**What is required:**
Each line below with the word "diagonal" needs to be copied.

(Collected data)
Start of Block

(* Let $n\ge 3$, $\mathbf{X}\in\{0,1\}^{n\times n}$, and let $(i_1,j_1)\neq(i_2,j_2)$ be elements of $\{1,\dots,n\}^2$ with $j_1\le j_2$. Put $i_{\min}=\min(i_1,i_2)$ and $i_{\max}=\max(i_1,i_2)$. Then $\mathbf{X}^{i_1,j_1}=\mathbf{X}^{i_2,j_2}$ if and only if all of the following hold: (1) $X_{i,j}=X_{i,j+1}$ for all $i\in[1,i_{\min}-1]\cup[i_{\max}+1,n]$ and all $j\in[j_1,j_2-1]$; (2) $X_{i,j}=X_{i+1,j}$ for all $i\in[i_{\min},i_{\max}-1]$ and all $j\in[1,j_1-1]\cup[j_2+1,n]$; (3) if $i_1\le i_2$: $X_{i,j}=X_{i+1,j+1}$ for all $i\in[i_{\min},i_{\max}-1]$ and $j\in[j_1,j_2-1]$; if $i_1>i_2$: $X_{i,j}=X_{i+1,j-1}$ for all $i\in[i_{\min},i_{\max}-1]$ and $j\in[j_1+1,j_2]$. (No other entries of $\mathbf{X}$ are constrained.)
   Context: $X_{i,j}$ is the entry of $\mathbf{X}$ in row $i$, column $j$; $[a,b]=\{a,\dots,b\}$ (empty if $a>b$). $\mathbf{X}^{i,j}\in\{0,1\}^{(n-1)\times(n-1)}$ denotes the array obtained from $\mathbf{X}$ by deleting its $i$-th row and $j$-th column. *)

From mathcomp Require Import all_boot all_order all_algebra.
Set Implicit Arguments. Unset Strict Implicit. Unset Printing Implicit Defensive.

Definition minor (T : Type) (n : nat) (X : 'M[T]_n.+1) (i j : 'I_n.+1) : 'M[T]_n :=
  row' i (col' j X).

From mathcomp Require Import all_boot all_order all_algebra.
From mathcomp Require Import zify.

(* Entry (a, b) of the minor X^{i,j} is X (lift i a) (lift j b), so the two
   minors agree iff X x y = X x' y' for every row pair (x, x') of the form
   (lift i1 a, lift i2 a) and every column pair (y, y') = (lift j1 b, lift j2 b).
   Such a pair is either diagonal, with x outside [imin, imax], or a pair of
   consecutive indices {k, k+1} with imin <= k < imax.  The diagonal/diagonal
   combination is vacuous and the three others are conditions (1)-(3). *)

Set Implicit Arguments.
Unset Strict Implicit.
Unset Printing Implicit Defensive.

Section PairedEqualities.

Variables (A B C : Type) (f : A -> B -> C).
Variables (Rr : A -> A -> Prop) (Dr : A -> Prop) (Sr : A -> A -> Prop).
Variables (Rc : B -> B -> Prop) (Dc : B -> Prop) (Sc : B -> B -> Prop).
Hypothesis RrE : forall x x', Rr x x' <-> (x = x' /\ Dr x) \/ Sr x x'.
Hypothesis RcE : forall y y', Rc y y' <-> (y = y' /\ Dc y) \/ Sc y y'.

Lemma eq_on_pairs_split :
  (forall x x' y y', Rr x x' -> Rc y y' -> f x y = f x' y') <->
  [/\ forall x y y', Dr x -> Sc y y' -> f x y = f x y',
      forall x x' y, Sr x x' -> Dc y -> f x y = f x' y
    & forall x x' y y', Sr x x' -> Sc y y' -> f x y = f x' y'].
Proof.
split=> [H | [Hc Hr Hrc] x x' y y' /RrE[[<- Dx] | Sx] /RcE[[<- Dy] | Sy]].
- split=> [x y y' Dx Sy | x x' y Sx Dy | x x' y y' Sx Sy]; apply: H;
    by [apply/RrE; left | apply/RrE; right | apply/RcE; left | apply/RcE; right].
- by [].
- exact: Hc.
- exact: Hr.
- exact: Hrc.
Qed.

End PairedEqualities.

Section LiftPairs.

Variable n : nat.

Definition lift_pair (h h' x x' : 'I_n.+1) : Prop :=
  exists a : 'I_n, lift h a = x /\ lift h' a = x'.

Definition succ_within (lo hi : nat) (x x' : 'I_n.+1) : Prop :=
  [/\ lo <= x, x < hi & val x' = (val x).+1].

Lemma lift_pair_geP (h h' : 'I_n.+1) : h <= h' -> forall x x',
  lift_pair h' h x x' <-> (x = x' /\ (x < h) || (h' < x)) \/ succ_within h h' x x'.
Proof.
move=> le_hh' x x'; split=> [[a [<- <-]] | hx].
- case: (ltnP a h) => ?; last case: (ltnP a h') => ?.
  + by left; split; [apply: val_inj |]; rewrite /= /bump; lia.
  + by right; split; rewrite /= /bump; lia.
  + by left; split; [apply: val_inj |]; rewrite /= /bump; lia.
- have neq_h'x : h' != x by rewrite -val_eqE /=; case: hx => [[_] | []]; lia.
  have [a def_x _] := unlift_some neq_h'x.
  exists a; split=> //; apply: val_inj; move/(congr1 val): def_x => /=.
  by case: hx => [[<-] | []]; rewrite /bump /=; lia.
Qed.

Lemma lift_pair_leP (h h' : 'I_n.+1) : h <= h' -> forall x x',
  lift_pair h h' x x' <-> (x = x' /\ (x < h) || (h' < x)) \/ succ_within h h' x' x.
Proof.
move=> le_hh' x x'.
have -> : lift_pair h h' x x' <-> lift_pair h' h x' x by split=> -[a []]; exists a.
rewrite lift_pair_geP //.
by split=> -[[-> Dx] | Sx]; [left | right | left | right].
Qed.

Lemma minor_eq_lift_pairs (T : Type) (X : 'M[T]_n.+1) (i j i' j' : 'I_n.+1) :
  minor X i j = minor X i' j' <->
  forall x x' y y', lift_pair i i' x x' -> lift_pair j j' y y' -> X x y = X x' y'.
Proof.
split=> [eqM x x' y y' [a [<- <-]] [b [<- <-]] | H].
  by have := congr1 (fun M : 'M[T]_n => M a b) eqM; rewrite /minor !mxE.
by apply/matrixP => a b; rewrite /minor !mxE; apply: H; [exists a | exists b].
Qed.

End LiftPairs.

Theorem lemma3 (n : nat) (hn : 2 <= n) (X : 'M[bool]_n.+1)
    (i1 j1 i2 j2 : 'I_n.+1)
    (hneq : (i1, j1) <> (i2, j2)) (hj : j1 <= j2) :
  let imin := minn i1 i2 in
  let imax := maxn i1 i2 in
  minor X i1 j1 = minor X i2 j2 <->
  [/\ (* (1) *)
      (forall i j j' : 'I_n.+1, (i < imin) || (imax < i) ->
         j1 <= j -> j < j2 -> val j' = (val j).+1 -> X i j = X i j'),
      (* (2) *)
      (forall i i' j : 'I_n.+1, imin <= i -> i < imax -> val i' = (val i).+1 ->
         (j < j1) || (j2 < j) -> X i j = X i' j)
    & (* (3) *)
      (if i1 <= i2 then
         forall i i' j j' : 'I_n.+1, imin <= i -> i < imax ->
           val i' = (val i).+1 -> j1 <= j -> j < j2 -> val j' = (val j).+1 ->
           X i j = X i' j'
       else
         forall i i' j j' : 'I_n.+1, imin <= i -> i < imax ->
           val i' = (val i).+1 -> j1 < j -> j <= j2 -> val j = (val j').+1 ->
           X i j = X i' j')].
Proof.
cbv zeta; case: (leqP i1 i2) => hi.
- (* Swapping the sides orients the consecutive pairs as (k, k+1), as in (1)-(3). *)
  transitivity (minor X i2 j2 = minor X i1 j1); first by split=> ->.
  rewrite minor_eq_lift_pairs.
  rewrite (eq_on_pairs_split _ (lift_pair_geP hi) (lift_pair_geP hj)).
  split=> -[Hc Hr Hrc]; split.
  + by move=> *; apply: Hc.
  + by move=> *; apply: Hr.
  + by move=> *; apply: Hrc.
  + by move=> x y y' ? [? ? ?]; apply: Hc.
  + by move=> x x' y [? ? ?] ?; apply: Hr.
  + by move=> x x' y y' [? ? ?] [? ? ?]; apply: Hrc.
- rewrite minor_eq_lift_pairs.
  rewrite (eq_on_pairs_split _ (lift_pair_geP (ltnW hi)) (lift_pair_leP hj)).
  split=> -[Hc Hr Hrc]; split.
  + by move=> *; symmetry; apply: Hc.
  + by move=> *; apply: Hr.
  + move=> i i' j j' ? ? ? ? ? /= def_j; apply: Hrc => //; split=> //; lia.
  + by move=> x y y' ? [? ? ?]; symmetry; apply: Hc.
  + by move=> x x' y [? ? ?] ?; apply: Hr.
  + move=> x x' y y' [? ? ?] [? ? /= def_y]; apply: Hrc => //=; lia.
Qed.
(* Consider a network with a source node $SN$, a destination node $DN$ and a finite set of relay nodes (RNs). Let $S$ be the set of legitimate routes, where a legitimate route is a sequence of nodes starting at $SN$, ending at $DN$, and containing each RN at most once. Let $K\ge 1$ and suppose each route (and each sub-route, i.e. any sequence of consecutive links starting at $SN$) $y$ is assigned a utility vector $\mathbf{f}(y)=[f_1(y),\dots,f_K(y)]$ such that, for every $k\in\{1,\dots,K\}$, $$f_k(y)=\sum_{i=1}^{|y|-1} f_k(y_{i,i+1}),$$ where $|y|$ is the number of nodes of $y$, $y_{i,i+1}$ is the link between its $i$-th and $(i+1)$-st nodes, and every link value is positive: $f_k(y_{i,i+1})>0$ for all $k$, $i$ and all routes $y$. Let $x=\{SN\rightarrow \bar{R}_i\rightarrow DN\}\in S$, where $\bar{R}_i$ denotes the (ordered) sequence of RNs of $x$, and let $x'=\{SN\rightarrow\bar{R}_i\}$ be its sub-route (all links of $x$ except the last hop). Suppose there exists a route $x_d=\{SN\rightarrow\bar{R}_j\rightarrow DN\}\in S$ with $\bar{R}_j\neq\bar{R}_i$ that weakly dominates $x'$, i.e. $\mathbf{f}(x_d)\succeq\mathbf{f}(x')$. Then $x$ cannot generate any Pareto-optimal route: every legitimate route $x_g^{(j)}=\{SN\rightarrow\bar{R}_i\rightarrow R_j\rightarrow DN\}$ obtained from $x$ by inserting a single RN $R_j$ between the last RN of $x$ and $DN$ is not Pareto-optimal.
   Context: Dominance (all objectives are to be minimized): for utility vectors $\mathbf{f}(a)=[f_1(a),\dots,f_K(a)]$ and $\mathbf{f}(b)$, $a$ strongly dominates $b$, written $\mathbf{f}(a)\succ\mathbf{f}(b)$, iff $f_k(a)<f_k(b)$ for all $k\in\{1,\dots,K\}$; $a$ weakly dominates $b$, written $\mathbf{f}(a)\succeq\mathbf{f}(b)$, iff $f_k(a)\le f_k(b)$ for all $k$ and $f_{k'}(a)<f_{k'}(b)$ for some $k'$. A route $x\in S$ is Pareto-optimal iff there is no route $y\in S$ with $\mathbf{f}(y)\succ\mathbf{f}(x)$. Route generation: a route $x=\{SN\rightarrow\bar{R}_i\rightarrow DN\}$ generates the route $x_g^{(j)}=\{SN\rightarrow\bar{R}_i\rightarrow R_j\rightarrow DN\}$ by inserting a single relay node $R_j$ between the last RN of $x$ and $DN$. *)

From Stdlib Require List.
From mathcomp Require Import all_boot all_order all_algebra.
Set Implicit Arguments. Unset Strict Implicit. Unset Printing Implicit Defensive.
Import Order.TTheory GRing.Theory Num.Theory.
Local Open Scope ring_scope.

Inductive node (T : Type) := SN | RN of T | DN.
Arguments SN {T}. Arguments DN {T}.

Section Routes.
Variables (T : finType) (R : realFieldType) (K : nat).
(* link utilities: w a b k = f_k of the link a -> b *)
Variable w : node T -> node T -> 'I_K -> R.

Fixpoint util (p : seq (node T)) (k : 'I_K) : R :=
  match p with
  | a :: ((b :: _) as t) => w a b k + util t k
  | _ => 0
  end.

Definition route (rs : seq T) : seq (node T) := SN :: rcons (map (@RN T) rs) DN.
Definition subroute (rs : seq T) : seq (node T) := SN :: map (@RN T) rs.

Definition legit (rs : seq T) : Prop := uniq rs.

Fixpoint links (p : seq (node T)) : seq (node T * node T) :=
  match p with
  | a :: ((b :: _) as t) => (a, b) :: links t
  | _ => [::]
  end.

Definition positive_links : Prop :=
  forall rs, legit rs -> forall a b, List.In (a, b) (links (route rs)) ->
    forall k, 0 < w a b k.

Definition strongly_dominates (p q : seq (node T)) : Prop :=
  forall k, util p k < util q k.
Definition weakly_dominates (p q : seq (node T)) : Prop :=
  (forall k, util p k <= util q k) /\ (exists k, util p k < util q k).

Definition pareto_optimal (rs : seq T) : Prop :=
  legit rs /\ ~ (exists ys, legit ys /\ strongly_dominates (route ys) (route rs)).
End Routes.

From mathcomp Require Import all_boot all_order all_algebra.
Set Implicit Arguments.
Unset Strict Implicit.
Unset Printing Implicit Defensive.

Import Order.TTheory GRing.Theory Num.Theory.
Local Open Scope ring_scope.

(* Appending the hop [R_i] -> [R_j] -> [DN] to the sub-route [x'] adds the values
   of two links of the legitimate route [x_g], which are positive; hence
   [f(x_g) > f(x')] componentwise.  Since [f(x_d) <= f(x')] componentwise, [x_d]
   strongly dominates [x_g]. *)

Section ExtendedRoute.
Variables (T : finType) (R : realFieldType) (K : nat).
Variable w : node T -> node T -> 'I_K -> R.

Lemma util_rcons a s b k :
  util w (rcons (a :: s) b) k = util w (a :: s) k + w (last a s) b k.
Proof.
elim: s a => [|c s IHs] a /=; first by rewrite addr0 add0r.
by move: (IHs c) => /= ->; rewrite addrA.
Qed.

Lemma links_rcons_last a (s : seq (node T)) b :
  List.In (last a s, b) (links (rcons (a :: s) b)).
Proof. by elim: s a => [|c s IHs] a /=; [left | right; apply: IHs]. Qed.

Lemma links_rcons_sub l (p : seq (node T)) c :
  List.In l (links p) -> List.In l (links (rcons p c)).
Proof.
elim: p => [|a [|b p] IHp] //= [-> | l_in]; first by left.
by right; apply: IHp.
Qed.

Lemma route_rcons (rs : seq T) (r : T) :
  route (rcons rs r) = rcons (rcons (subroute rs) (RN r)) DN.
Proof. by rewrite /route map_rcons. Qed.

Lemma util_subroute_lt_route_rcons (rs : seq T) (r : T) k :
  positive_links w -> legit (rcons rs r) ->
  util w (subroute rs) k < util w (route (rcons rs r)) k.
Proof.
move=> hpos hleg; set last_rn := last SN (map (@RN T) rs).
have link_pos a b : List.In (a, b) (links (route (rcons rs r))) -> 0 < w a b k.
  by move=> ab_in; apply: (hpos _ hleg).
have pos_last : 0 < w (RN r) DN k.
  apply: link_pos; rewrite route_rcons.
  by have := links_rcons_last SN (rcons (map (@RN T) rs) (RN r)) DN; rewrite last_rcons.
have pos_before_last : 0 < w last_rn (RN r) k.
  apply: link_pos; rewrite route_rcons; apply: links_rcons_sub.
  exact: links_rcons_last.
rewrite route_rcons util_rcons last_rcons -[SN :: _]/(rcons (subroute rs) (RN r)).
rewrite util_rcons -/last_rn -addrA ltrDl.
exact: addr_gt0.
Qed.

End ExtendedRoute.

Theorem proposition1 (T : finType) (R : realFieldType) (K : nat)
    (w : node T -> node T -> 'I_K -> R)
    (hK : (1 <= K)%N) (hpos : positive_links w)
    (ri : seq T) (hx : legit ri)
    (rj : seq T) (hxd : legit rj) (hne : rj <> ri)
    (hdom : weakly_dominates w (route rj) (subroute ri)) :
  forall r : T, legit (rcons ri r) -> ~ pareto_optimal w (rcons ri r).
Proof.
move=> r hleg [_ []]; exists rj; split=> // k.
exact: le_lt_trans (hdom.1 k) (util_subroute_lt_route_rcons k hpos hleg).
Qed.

End of Block

**Result of this exercise:**
   Such a pair is either diagonal, with x outside [imin, imax], or a pair of
   consecutive indices {k, k+1} with imin <= k < imax.  The diagonal/diagonal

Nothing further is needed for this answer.